At 40 years old, in better health, and back in Baltimore after a stint on the West Coast in the '90s, Equalizer was more than happy to set the record straight during a lengthy phone interview back in May. "I created the DJ business, literally, in this city," he says. "Totally turned it into a business, y'know. I got started back with Bernie [Rabinowitz] from Music Liberated, this was all the way back in like '85, '86," Equalizer recalls of the influential local record store and its owner, who passed away in 2003. "I left Bernie after a couple years, I moved away from him, and I started a chain of stores you may know as Inner City Records. And I ended up shutting down two of Bernie's stores. And I feel bad about that, because that wasn't the point."

Soon after, DJ Equalizer expanded Inner City Records from a store to a label, issuing his first EP under the group name Sounds of Silence. The A-side, "I Got the Rhythm," is often cited as one of the first Baltimore club records, and just as frequently misattributed to DJ Scottie B. And one of Equalizer's 1989 white-label releases, featuring a club edit of 2 Live Crew's "C'mon Babe," provided the inspiration for one of Baltimore club's first national hits, when radio personality Frank Ski used the break for "Doo Doo Brown" by 2 Hyped Brothers and a Dog in 1991. Other influential releases in DJ Equalizer's catalog include the Beats, Breaks, and Bullshit EP series, which is cited by DJ Technics as providing source material for many of club's most frequently used loops.

DJ Equalizer can even nail down the exact moment that the nascent genre's name was inadvertently coined by an employee of his label's distributor, Liason Records. "Tom from Liason, I'm not sure if he's still there anymore, but he was a part of it, he gave me a call," Equalizer says. "And he's like, 'Bob, look, y'know, I keep getting these calls from overseas, they wanna know they can hear more of that Baltimore club music.' Right there is when it got the name.
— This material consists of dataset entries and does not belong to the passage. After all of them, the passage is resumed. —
(* Let $V_1$ and $V_2$ be near vector spaces over the same commutative $F$ (no finiteness assumption on the number of blocks). If $BT(V_1)=BT(V_2)$, then $\bar F\cap\mathrm{Aut}(V_1)=\bar F\cap\mathrm{Aut}(V_2)$, i.e. a formal sum $\alpha_1+_\cdot\cdots+_\cdot\alpha_n\in\bar F$ acts as an automorphism on $V_1$ if and only if it acts as an automorphism on $V_2$.
   Context: An F-group is a pair $(V,F)$ where $(V,+)$ is a group and $F$ is a set of endomorphisms of $V$ such that: the maps $0,1,-1$ lie in $F$; $F\setminus\{0\}$ is a subgroup of $\mathrm{Aut}(V,+)$ under composition; and if $\alpha x=\beta x$ with $\alpha,\beta\in F$, $x\in V$ then $\alpha=\beta$ or $x=0$. The quasi-kernel $Q(V)$ is the set of $u\in V$ such that for all $\alpha,\beta\in F$ there is $\gamma\in F$ with $\alpha u+\beta u=\gamma u$. $(V,F)$ is a near vector space if $Q(V)$ generates $(V,+)$; ''over a commutative $F$'' means $\alpha(\beta v)=\beta(\alpha v)$ for all $\alpha,\beta\in F$, $v\in V$. For $u\in Q(V)\setminus\{0\}$, $\alpha+_u\beta$ is the unique $\gamma$ with $\alpha u+\beta u=\gamma u$. Elements $u,v\in Q(V)$ are compatible if $u+\lambda v\in Q(V)$ for some $\lambda\in F\setminus\{0\}$. By André's decomposition theorem $V$ is the direct sum of maximal regular (all nonzero quasi-kernel elements pairwise compatible) near vector subspaces $B_i$, $i\in I$, each nonzero element of $Q(V)$ lying in exactly one $B_i$; these are the blocks. For commutative $F$, all nonzero $u\in Q(V)\cap B_i$ give the same operation $+_{u_i}$ and $B_i$ is a vector space over the field $(F,+_{u_i},\circ)$. The block type is $BT(V)=\{+_{u_i}: i\in I\}$, a set of binary operations on $F$ (equality of block types means equality of these sets of operations, not isomorphism). $\bar F$ is the set of formal finite sums $\alpha_1+_\cdot\cdots+_\cdot\alpha_n$ of elements of $F$, acting on $V$ by $(\alpha_1+_\cdot\cdots+_\cdot\alpha_n)(v)=\alpha_1(v)+\cdots+\alpha_n(v)$; $\bar F\cap\mathrm{Aut}(V)$ is the set of those formal sums acting on $V$ as automorphisms of $(V,+)$. *)

From Stdlib Require Import List.
Set Implicit Arguments.

(* The abstract scalar set F (shared by V1 and V2): a set with 0, 1, -1
   and a multiplication (modelling composition of endomorphisms). *)
Record FData := {
  F_car :> Type;
  F0 : F_car;
  F1 : F_car;
  Fm1 : F_car;
  Fmul : F_car -> F_car -> F_car }.

Definition F_group_with_zero (F : FData) : Prop :=
  F1 F <> F0 F /\ Fm1 F <> F0 F /\
  (forall a b, a <> F0 F -> b <> F0 F -> Fmul F a b <> F0 F) /\
  (forall a b c, Fmul F a (Fmul F b c) = Fmul F (Fmul F a b) c) /\
  (forall a, Fmul F (F1 F) a = a /\ Fmul F a (F1 F) = a) /\
  (forall a, a <> F0 F ->
     exists b, b <> F0 F /\ Fmul F b a = F1 F /\ Fmul F a b = F1 F).

Record VData (F : FData) := {
  V_car :> Type;
  Vadd : V_car -> V_car -> V_car;
  V0 : V_car;
  Vopp : V_car -> V_car;
  act : F -> V_car -> V_car }.

Arguments Vadd {F} v _ _.
Arguments V0 {F} v.
Arguments Vopp {F} v _.
Arguments act {F} v _ _.

Definition group_axioms (T : Type) (add : T -> T -> T) (z : T) (opp : T -> T)
  : Prop :=
  (forall x y w, add x (add y w) = add (add x y) w) /\
  (forall x, add z x = x /\ add x z = x) /\
  (forall x, add (opp x) x = z /\ add x (opp x) = z).
(* Let data $(\bm u^{\mathrm d}(t),\bm y^{\mathrm d}(t))_{t=0}^{T-1}$, $T>1$, each belong to $\mathscr{B}_{\mathrm{DF}}$, and let $H\doteq\begin{bmatrix}\bm u^{\mathrm d}(0) & \cdots & \bm u^{\mathrm d}(T-1)\\ \bm y^{\mathrm d}(0) & \cdots & \bm y^{\mathrm d}(T-1)\end{bmatrix}\in\mathbb{R}^{(6n+1)\times T}$ satisfy $\operatorname{rank}H=3n+1$. Fix $p_\bullet,q_\bullet\in\mathbb{R}^n$ and consider the problem $$\min_{p,q,P,Q,\ell,\mathsf v,\mathsf v_0,g}\ \mathbf 1^\top\ell$$ subject to $\mathsf v\ge 0$, $\mathsf v_0=1$, $\begin{bmatrix}u\\ y\end{bmatrix}=Hg$ with $u=(p,q)$, $y=(P,Q,\ell,\mathsf v,\mathsf v_0)$, $g\in\mathbb{R}^T$; $p\le p_\bullet$ and $q\le q_\bullet$ componentwise; and $P_i^2+Q_i^2\le\mathsf v_i\ell_i$ for all $i\in\mathcal N_+$. Then every optimal solution $(p^\star,q^\star,P^\star,Q^\star,\ell^\star,\mathsf v^\star,\mathsf v_0^\star,g^\star)$ satisfies $P^\star\odot P^\star+Q^\star\odot Q^\star=\mathsf v^\star\odot\ell^\star$, i.e. $(P_i^\star)^2+(Q_i^\star)^2=\mathsf v_i^\star\ell_i^\star$ for all $i\in\mathcal N_+$.
   Context: Network: a tree with nodes $\mathcal N=\{0,1,\dots,n\}$ rooted at the slack node $0$; $\mathcal N_+=\{1,\dots,n\}$. Each $i\in\mathcal N_+$ has a unique parent $\pi(i)\in\mathcal N$, and the edge $(i,\pi(i))$ carries resistance $\mathtt r_i\ge 0$ and reactance $\mathtt x_i\ge0$ with $\mathtt r_i^2+\mathtt x_i^2\neq 0$. Variables: $p,q,P,Q,\ell,\mathsf v\in\mathbb{R}^n$ indexed by $\mathcal N_+$, and $\mathsf v_0\in\mathbb{R}$. The DistFlow equations are, for every $i\in\mathcal N_+$ with $j=\pi(i)$: (1) $P_i=p_i+\sum_{k:\pi(k)=i}(P_k-\mathtt r_k\ell_k)$; (2) $Q_i=q_i+\sum_{k:\pi(k)=i}(Q_k-\mathtt x_k\ell_k)$; (3) $\mathsf v_j=\mathsf v_i-2(\mathtt r_iP_i+\mathtt x_iQ_i)+(\mathtt r_i^2+\mathtt x_i^2)\ell_i$ (with $\mathsf v_j=\mathsf v_0$ when $j=0$); (4) $\ell_i\mathsf v_i=P_i^2+Q_i^2$. Input $u=(p,q)\in\mathbb{R}^{2n}$, output $y=(P,Q,\ell,\mathsf v,\mathsf v_0)\in\mathbb{R}^{4n+1}$ (vertical stacking in this order). $\mathscr{B}_{\mathrm{DF}}$ is the set of all $(u,y)$ satisfying (1)–(4). $\odot$ is the element-wise product and $\mathbf 1$ the all-ones vector. *)

From HB Require Import structures.
From mathcomp Require Import all_boot all_order all_algebra.
From mathcomp Require Import reals.
Set Implicit Arguments. Unset Strict Implicit. Unset Printing Implicit Defensive.
Import Order.TTheory GRing.Theory Num.Theory.
Local Open Scope ring_scope.

(* Nodes N_+ = {1..n} are represented by 'I_n; the slack node 0 by None.
   par i = Some j : parent of i is the non-slack node j;  par i = None : parent is 0. *)

Definition is_tree (n : nat) (par : 'I_n -> option 'I_n) : Prop :=
  forall i : 'I_n, exists k : nat, iter k (obind par) (Some i) = None.

Definition valid_lines {R : realType} (n : nat) (r x : 'I_n -> R) : Prop :=
  forall i, 0 <= r i /\ 0 <= x i /\ r i ^+ 2 + x i ^+ 2 != 0.

Definition DistFlow {R : realType} (n : nat) (par : 'I_n -> option 'I_n)
  (r x : 'I_n -> R) (p q P Q l v : 'I_n -> R) (v0 : R) : Prop :=
  forall i : 'I_n,
    [/\ P i = p i + \sum_(k | par k == Some i) (P k - r k * l k),
        Q i = q i + \sum_(k | par k == Some i) (Q k - x k * l k),
        (if par i is Some j then v j else v0)
          = v i - 2 * (r i * P i + x i * Q i) + (r i ^+ 2 + x i ^+ 2) * l i
      & l i * v i = P i ^+ 2 + Q i ^+ 2].

Definition stack {R : realType} (n : nat) (p q P Q l v : 'I_n -> R) (v0 : R)
  : 'cV[R]_(n + (n + (n + (n + (n + (n + 1)))))) :=
  col_mx (\col_i p i) (col_mx (\col_i q i) (col_mx (\col_i P i)
    (col_mx (\col_i Q i) (col_mx (\col_i l i) (col_mx (\col_i v i) v0%:M))))).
From that moment on it was called club music, and there was nothing you could do to change it."

Having revived the Inner City label last year, Equalizer released a new Sounds of Silence album, Leaving Las Vegas, and is now building up a roster of artists, including another club legend, DJ Big Red. "The label's back up in full force 100 percent. The web site's kickin' ass. I'm gettin' calls from everywhere, lookin' for the music now that they can go ahead and download it, and there's so much new stuff on the way coming out that it's just, like, sick," Equalizer says, although he's taking his time to make each release special. "Y'know, if it takes six months, I ain't gonna rush it out next week to try to get a dollar."

Still, DJ Equalizer sounds wary of the narrow aesthetic that Baltimore club's evolved into since the days when he helped develop it. "To me, it's just a different form of house," he says. "When I wrote 'I Got the Rhythm' and 'All About Pussy' and 'Much Too Much,' I wasn't thinkin', Hey, I wanna write somethin' Baltimore's gonna like. You can't sit there and say, 'Well I'm gonna make a club record.' When you do, you're trying to sound like somebody else, you're not being original, and people are gonna know that. If you have the ideas, you have the talent, you write from the heart, and that's it."
House Legends DJ Equalizer and Doug Lazy (from myspace.com/djequalizerthesoundsofsilence)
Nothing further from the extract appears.